Quote:

MySQL also has memory. What’s the difference between MySQL and Redis? Why do you choose Redis instead of MySQL? Indeed, the choice of middleware is to evaluate the business before the choice, that requires us to master a solid business evaluation, but also to do the corresponding analysis of the characteristics and performance of various middleware.

Later, I met an interviewer who talked to me for a long time about the selection of joint indexes, so I need to understand InnoDB well.

Before we proceed to the analysis of this chapter, we need to note a few data:


Mechanical hard disk: Sequential average read speed can be achieved 84.0 M B / s Sequential average write speed can be achieved 79.0 M B / s Random data blocks are 512 The average read speed is only 0.033 M B / s . The data block size is 4 K B , the reading speed is only 0.226 M B / s . Random in data blocks for 512 The average write speed is only 0.083 M B / s . The data block size is 4 K B , the average write speed is only 0.576 M B / s . The average sequential read speed is 84.0MB/s, the average sequential write speed is 79.0MB/s, the average read speed is only 0.033MB/s when the random data block is 512 bytes, and the average read speed is only 0.226MB/s when the data block is 4KB. \\ random average write speed is only 0.083MB/s when the data block is 512 bytes, and 0.576MB/s when the data block is 4KB. \ \ \ \

We can easily see that for a mechanical hard disk, the ratio of sequential read speed to random read speed is 2500 times, and the ratio of sequential write speed to random write speed is about 1000 times. This is obviously a reminder that when you have to do disk writes, if you can merge as sequential writes as possible merge as sequential writes. This is exactly what InnoDB is trying to do. Key InnoDB features such as change Buffer, adaptive hash indexing, asynchronous IO, and adjacency refresh are all trying to do this.
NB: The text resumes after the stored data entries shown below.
(* Let $\rho,\sigma$ be commuting quantum states on a finite-dimensional Hilbert space and $\rho',\sigma'$ commuting quantum states on a (possibly different) finite-dimensional Hilbert space, with $\sigma,\sigma'$ both full-rank. If $(\rho,\sigma)\succ(\rho',\sigma')$, then $M_{s_{\min}}(\rho'\|\sigma')\ge M_{s_{\min}}(\rho\|\sigma)$, where $$M_x(\rho\|\sigma):=V(\rho\|\sigma)+\left(\frac{1}{\ln 2}-\log(x)-S(\rho\|\sigma)\right)^2$$ and $s_{\min}$ denotes the smallest eigenvalue of $\sigma$.
   Context: Logs are base 2 unless written $\ln$. $S(\rho\|\sigma)=\mathrm{Tr}(\rho(\log\rho-\log\sigma))$, $V(\rho\|\sigma)=\mathrm{Tr}(\rho(\log\rho-\log\sigma)^2)-S(\rho\|\sigma)^2$. $(\rho,\sigma)\succ(\rho',\sigma')$ means there is a quantum channel $\mathcal E$ with $\mathcal E(\rho)=\rho'$ and $\mathcal E(\sigma)=\sigma'$. *)

From HB Require Import structures.
From mathcomp Require Import all_boot all_order all_algebra.
From mathcomp Require Import complex.
From mathcomp Require Import reals exp.

Set Implicit Arguments.
Unset Strict Implicit.
Unset Printing Implicit Defensive.

Import Order.TTheory GRing.Theory Num.Theory.
Local Open Scope ring_scope.
Local Open Scope complex_scope.

Section QInfo.
Variable R : realType.
Local Notation C := R[i].

Definition adj m n (A : 'M[C]_(m, n)) : 'M[C]_(n, m) := (map_mx Num.conj A)^T.

Definition hermitian n (A : 'M[C]_n) : Prop := adj A = A.

Definition psd n (A : 'M[C]_n) : Prop :=
  hermitian A /\ forall v : 'rV[C]_n, 0 <= (v *m A *m adj v) 0 0.

Definition is_state n (A : 'M[C]_n) : Prop := psd A /\ \tr A = 1.

Definition full_rank n (A : 'M[C]_n) : Prop := \rank A = n.

Definition mxcommute n (A B : 'M[C]_n) : Prop := A *m B = B *m A.

Definition kraus_channel n m (Ks : seq 'M[C]_(m, n)) (X : 'M[C]_n) : 'M[C]_m :=
  \sum_(K <- Ks) (K *m X *m adj K).

Definition is_kraus n m (Ks : seq 'M[C]_(m, n)) : Prop :=
  \sum_(K <- Ks) (adj K *m K) = 1%:M.

Definition majorizes n m (rho sigma : 'M[C]_n) (rho' sigma' : 'M[C]_m) : Prop :=
  exists Ks : seq 'M[C]_(m, n), is_kraus Ks /\
    kraus_channel Ks rho = rho' /\ kraus_channel Ks sigma = sigma'.

Definition mxfun (f : R -> R) n (A : 'M[C]_n) : 'M[C]_n :=
  invmx (spectralmx A) *m
  diag_mx (map_mx (fun z : C => (f (complex.Re z))%:C) (spectral_diag A)) *m
  spectralmx A.

(* logarithm base 2 (ln is mathcomp-analysis' natural log; ln 0 = 0, so the
   matrix log of a PSD matrix is taken on its support) *)
Definition log2 (x : R) : R := ln x / ln 2.

Definition logm n (A : 'M[C]_n) : 'M[C]_n := mxfun log2 A.

Definition relent n (rho sigma : 'M[C]_n) : R :=
  complex.Re (\tr (rho *m (logm rho - logm sigma))).

Definition relvar n (rho sigma : 'M[C]_n) : R :=
  let L := logm rho - logm sigma in
  complex.Re (\tr (rho *m (L *m L))) - relent rho sigma ^+ 2.

Definition Mx (x : R) n (rho sigma : 'M[C]_n) : R :=
  relvar rho sigma + (1 / ln 2 - log2 x - relent rho sigma) ^+ 2.

Definition min_eigenvalue n (A : 'M[C]_n) (s : R) : Prop :=
  eigenvalue A (s%:C) /\ forall l : C, eigenvalue A l -> s%:C <= l.

End QInfo.

From HB Require Import structures.
From mathcomp Require Import all_boot all_order all_algebra.
From mathcomp Require Import complex.
From mathcomp Require Import reals exp.
From mathcomp Require Import spectral.
From mathcomp Require Import normedtype sequences derive realfun.
From mathcomp Require Import ring lra.

Import Order.TTheory GRing.Theory Num.Theory.
Local Open Scope ring_scope.
Local Open Scope complex_scope.

Set Implicit Arguments.
Unset Strict Implicit.
Unset Printing Implicit Defensive.

(* Each pair of commuting states is diagonal in one orthonormal eigenbasis (the
   rows of unitaries P and Q), so the pairs reduce to probability vectors (p, q)
   and (p', q'), and the channel acts on them by the column-stochastic matrix
   W j i = \sum_K |(Q K P^* ) j i|^2 (trace preservation gives the column sums).
   In these coordinates (ln 2)^2 M_x = \sum_i p_i (ln (x p_i / q_i) - 1)^2, a sum
   of values of a 1-homogeneous function f (p, q) which is concave on the cone
   x p <= q.  For x = s_min every pair (p_i, q_i) lies in that cone (p_i <= 1 <=
   q_i / s_min), and homogeneity plus concavity give
   \sum_i f (p_i, q_i) <= \sum_j f ((W p)_j, (W q)_j).  Concavity is the
   tangent-plane inequality, which reduces to y^2 <= 2 (1 - L) (e^y - 1 - y)
   for L <= 0 and L <= y. *)

Section ExpRemainder.
Import numFieldNormedType.Exports.
Variable R : realType.

Lemma sqr_le_expR_rem (y : R) : 0 <= y -> y ^+ 2 <= 2 * (expR y - 1 - y).
Proof.
move=> y0.
pose f (x : R) := 2 * (expR x - 1 - x) - x ^+ 2.
pose df (x : R) := 2 * (expR x - 1 - x).
have f'E x : is_derive x (1 : R) f (df x).
  by apply: is_derive_eq; rewrite /GRing.scale /= !mulr1 subr0 /df; lra.
have [c _ fyE] := MVT_segment y0 (fun x _ => f'E x)
  (derivable_within_continuous (fun x _ => @ex_derive _ _ _ _ _ _ _ (f'E x))).
have : 0 <= df c * (y - 0).
  by rewrite subr0 mulr_ge0 // mulr_ge0 //; have := expR_ge1Dx c; lra.
by rewrite -fyE /f expR0; lra.
Qed.

Lemma sqr_le_expR_rem_le0 (y : R) : y <= 0 ->
  y ^+ 2 <= 2 * (1 - y) * (expR y - 1 - y).
Proof.
move=> y0.
pose f (x : R) := 2 * (1 - x) * (expR x - 1 - x) - x ^+ 2.
pose df (x : R) := 2 * x * (1 - expR x).
have f'E x : is_derive x (1 : R) f (df x).
  by apply: is_derive_eq; rewrite /GRing.scale /= !mulr1 subr0 /df; lra.
have [c] := MVT_segment y0 (fun x _ => f'E x)
  (derivable_within_continuous (fun x _ => @ex_derive _ _ _ _ _ _ _ (f'E x))).
rewrite in_itv /= => /andP[_ c0] fyE.
have : df c * (0 - y) <= 0.
  have e1 : expR c <= 1 by rewrite expR_le1.
  have : 2 * c * (1 - expR c) <= 0 by nra.
  by rewrite /df; nra.
by rewrite -fyE /f expR0; lra.
Qed.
However, when we analyze, we generally ignore the time spent on reading and writing memory, because the reading and writing of memory is too fast. The following provides some comparisons to understand why the time spent on reading and writing memory is ignored.

Comparison of speed levels: DDR3 memory read and write speed is about 10 gigabytes per second (10,000 megabytes) solid state drives are 300 million megabytes per second, which is one 30th of the memory speed mechanical hard drives are 100 million megabytes per second, which is one hundredth of the memory speed DDR4 memory read and write speed is about 50 gigabytes per second (50,000 megabytes) solid state drives are about 300 million megabytes per second, It's 1/200th of memory and the speed of a mechanical hard drive is 100 megabits per second, 1/500th of memoryCopy the code

1. InnoDB memory model

As described in the introduction, InnoDB’s memory model is something we can’t ignore when we need to compare with others.

The difference between data page and index page is only its content, one is data, one is index.

After looking at its memory model, one must think about what to do with full memory. This is the memory replacement strategy. InnoDB uses THE LRU method to replace memory, putting the most frequently used memory at the front of the queue and the obsolete memory at the bottom of the queue. Innodb ADAPTS to the traditional LRU algorithm. Let’s think about what the problem is:

According to the traditional LRU algorithm, each time the latest access should be placed at the front of the queue. According to the principle of locality, this is perfectly fine. But given the database, it’s easy to have a situation where the page is accessed only once, and then not accessed again, and then wasted. Because the LRU list is limited, it is generally full load, when you enter one, it means that one will go out, if you replace the frequently accessed one, it will cause speed loss.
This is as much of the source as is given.